Чувствуя себя освеженным сном, который заодно прибавил мне и сил, я вытянул ноги и принялся двигать руками, напрягая их мышцы и ощущая, как глубинные силы изливаются из груди и наполняют меня. Некоторое время я посвятил размышлениям о том, каким неизмеримо великим благом является сон вообще и мое умение засыпать при любых обстоятельствах в частности. Уже несколько раз за последнее время я спасался сном, когда мозг мой уже не в состоянии был выносить то, с чем мне приходилось сталкиваться, а ему приходилось пытаться это осмысливать. Такого счастливого умения управлять своим сном был полностью лишен не кто-нибудь, а сам де Селби. Эта слабость в его величии проявлялась в том, что он мог, безо всякой видимой причины, заснуть среди дня, занимаясь своими обычными делами, а довольно часто он засыпал и беседуя с кем-нибудь, даже не закончив предложения [50].

Я поднялся со стула, прошелся по комнате, чтобы размяться. Еще сидя на стуле возле камина, я заметил небольшую часть переднего колеса велосипеда, стоявшего у открытой двери в коридоре, ведущем куда-то вглубь казармы. Проделав упражнения, я через минут пятнадцать снова уселся на стул и, взглянув в сторону двери, обнаружил, что вижу теперь значительную большую часть колеса, чем раньше. Это меня весьма удивило, так как стул с места не двигался и угол зрения, под которым я видел велосипедное колеса не менялся. Присмотревшись, я убедился в том, что теперь вижу три четверти всего колеса, тогда как раньше видел часть колеса даже без ступицы. Неужели велосипед сам, за то время, когда я занимался упражнениями, продвинулся вперед? Я мог бы поклясться, что это так, но может быть, все же поменялся ракурс, под которым я смотрел на велосипед? Нет, это маловероятно — стул совсем маленький, сидеть на нем хотя бы с минимальным удобством можно только в одном положении. И мое удивление стало расти, превращаясь в оторопелое изумление.

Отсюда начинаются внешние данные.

Definition delta7 (a b c p : C) (n : nat) : C :=
  let N : C := n%:R in
  p ^+ 4 * (- 5 * a ^+ 2 + 2 * a * (b - 4 * N + 28) - 5 * b ^+ 2 - 8 * b * (N - 7)
            - 8 * (N - 14) * N + 24 * p ^+ 2 - 387)
  / Dn c n.

Definition delta8 (a b c p : C) (n : nat) : C := - (16 * p ^+ 6 / Dn c n).

Definition delta9 (a b c p : C) (n : nat) : C := 4 * p ^+ 6 / Dn c n.

Definition delta (i : nat) (a b c p : C) (n : nat) : C :=
  match i with
  | 0 => delta0 a b c p n
  | 1 => delta1 a b c p n
  | 2 => delta2 a b c p n
  | 3 => delta3 a b c p n
  | 4 => delta4 a b c p n
  | 5 => delta5 a b c p n
  | 6 => delta6 a b c p n
  | 7 => delta7 a b c p n
  | 8 => delta8 a b c p n
  | 9 => delta9 a b c p n
  | _ => 0
  end.

End Defs.

From mathcomp Require Import all_boot all_order all_algebra.
From mathcomp Require Import all_classical all_reals all_analysis.
From mathcomp Require Import complex.
From mathcomp Require Import ring zify.
Import Order.TTheory GRing.Theory Num.Theory.
Import ComplexField.
Import numFieldTopology.Exports numFieldNormedType.Exports.
Local Open Scope classical_set_scope.
Local Open Scope ring_scope.
Local Open Scope complex_scope.

(* Write cosh(pz) = (e^{pz} + e^{-pz})/2. The Taylor coefficients y_q(n) of
   e^{qz} F(a,b;c;z) are Cauchy products of q^j/j! with the hypergeometric
   coefficients; convolving the two-term recurrence of the latter with q^j/j!, and
   using j q^j/j! = q q^(j-1)/(j-1)!, shows that y_q satisfies a linear recurrence of
   order 3 whose coefficients involve q. The order-10 recurrence with coefficients
   delta_i is a left multiple of it, with explicit polynomial multipliers, and
   involves q only through q^2; hence y_p, y_(-p) and their average satisfy it. By
   the Cauchy product formula and uniqueness of power series coefficients, that
   average is u, and the initial values are a direct computation. *)

Section hypergeometric_coefficients.
Context {R : realType}.
Local Notation C := R[i].

Lemma pochS (x : C) (m : nat) : poch x m.+1 = poch x m * (x + m%:R).
Proof. by rewrite /poch big_ord_recr. Qed.

Lemma poch0 (x : C) : poch x 0 = 1.
Proof. exact: big_ord0. Qed.

Lemma poch1 (x : C) : poch x 1 = x.
Proof. by rewrite /poch big_ord1 addr0. Qed.

Lemma poch_neq0 (c : C) (m : nat) : (forall k : nat, c != - k%:R) -> poch c m != 0.
Proof. by move=> hc; apply/prodf_neq0 => i _; rewrite addr_eq0. Qed.

Lemma natr_fact_neq0 (m : nat) : (m`!%:R : C) != 0.
Proof. by rewrite pnatr_eq0 -lt0n fact_gt0. Qed.

Definition hyper_coef (a b c : C) (m : nat) : C :=
  poch a m * poch b m / (poch c m * m`!%:R).

Definition exp_coef (q : C) (j : nat) : C := q ^+ j / j`!%:R.

Definition cauchy_prod (f g : nat -> C) (n : nat) : C :=
  \sum_(j < n.+1) f j * g (n - j)%N.

Definition exp_hyper_coef (a b c q : C) : nat -> C :=
  cauchy_prod (exp_coef q) (hyper_coef a b c).

Definition cosh_hyper_coef (a b c p : C) (n : nat) : C :=
  (exp_hyper_coef a b c p n + exp_hyper_coef a b c (- p) n) / 2.

Lemma exp_coefS (q : C) (j : nat) : exp_coef q j.+1 * j.+1%:R = q * exp_coef q j.
Proof.
rewrite /exp_coef factS natrM exprS -natr1.
by field; rewrite natr1 natr_fact_neq0 pnatr_eq0.
Qed.

Lemma hyper_coefS (a b c : C) (m : nat) : poch c m.+1 != 0 ->
  hyper_coef a b c m.+1 * ((m%:R + 1) * (m%:R + c)) =
  (m%:R + a) * (m%:R + b) * hyper_coef a b c m.
Proof.
rewrite pochS mulf_eq0 negb_or => /andP[cm cmS].
rewrite /hyper_coef !pochS factS natrM -natr1.
by field; rewrite cm cmS natr_fact_neq0 natr1 pnatr_eq0.
Qed.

Я тут же вскочил со стула и в три прыжка оказался у двери. С губ моих сорвалось бессловесное восклицание — настолько я был поражен увиденным. Похоже, вскрикивать от изумления прочно вошло у меня в привычку. МакПатрульскин в спешке оставил дверь в камеру открытой — в замке торчал ключ с кольцом, на котором висели все остальные ключи. В глубине камеры я увидел кучу старых жестяных банок из-под краски, кругом валялись проколотые велосипедные шины, гаечные ключи и другие инструменты для надевания новых шин и проведения всякого другого велосипедного ремонта, а также множество странных предметов, сделанных из латуни и кожи, несколько напоминающих декоративную конскую сбрую, хотя и явно предназначенных для чего-то совершенно иного. Но мое внимание сосредоточилось прежде всего на передней части камеры — велосипед сержанта стоял, наполовину перебравшись через порог. Было совершенно ясно, что МакПатрульскин не мог поставить его таким образом, так как он зашел в камеру лишь на минуту и тут же вернулся с банкой краски, а ключ в замке являлся достаточным доказательством того, что он уехал, более в камеру не возвращаясь. Было также крайне маловероятным предположение, пронесшееся у меня в голове, что кто-то заходил сюда, пока я спал, — заходил с единственной целью: наполовину выдвинуть велосипед из камеры. С другой стороны, я невольно вспомнил о высказанных сержантом опасениях, касающихся его велосипеда, и о его решении держать велосипед под замком. Если существует веская причина, по которой следует запирать велосипед в камере как закоренелого преступника, размышлял я, вполне резонно допустить, что он при первой же представившейся возможности попытается сбежать. Но эта мысль показалась мне все же не очень правдоподобной, и я подумал о том, что лучше вообще перестать думать и строить предположения, объясняющие эту загадку — иначе мне придется поверить в то, что велосипед действительно сам медленно выбирается из камеры, а если ты один в доме, то поверив в такое, невольно в ужасе убежишь из дома. Я был слишком занят размышлениями о собственном побеге и не мог позволить себе такой роскоши, как испуг от предмета, который мог бы мне очень пригодиться для спасения.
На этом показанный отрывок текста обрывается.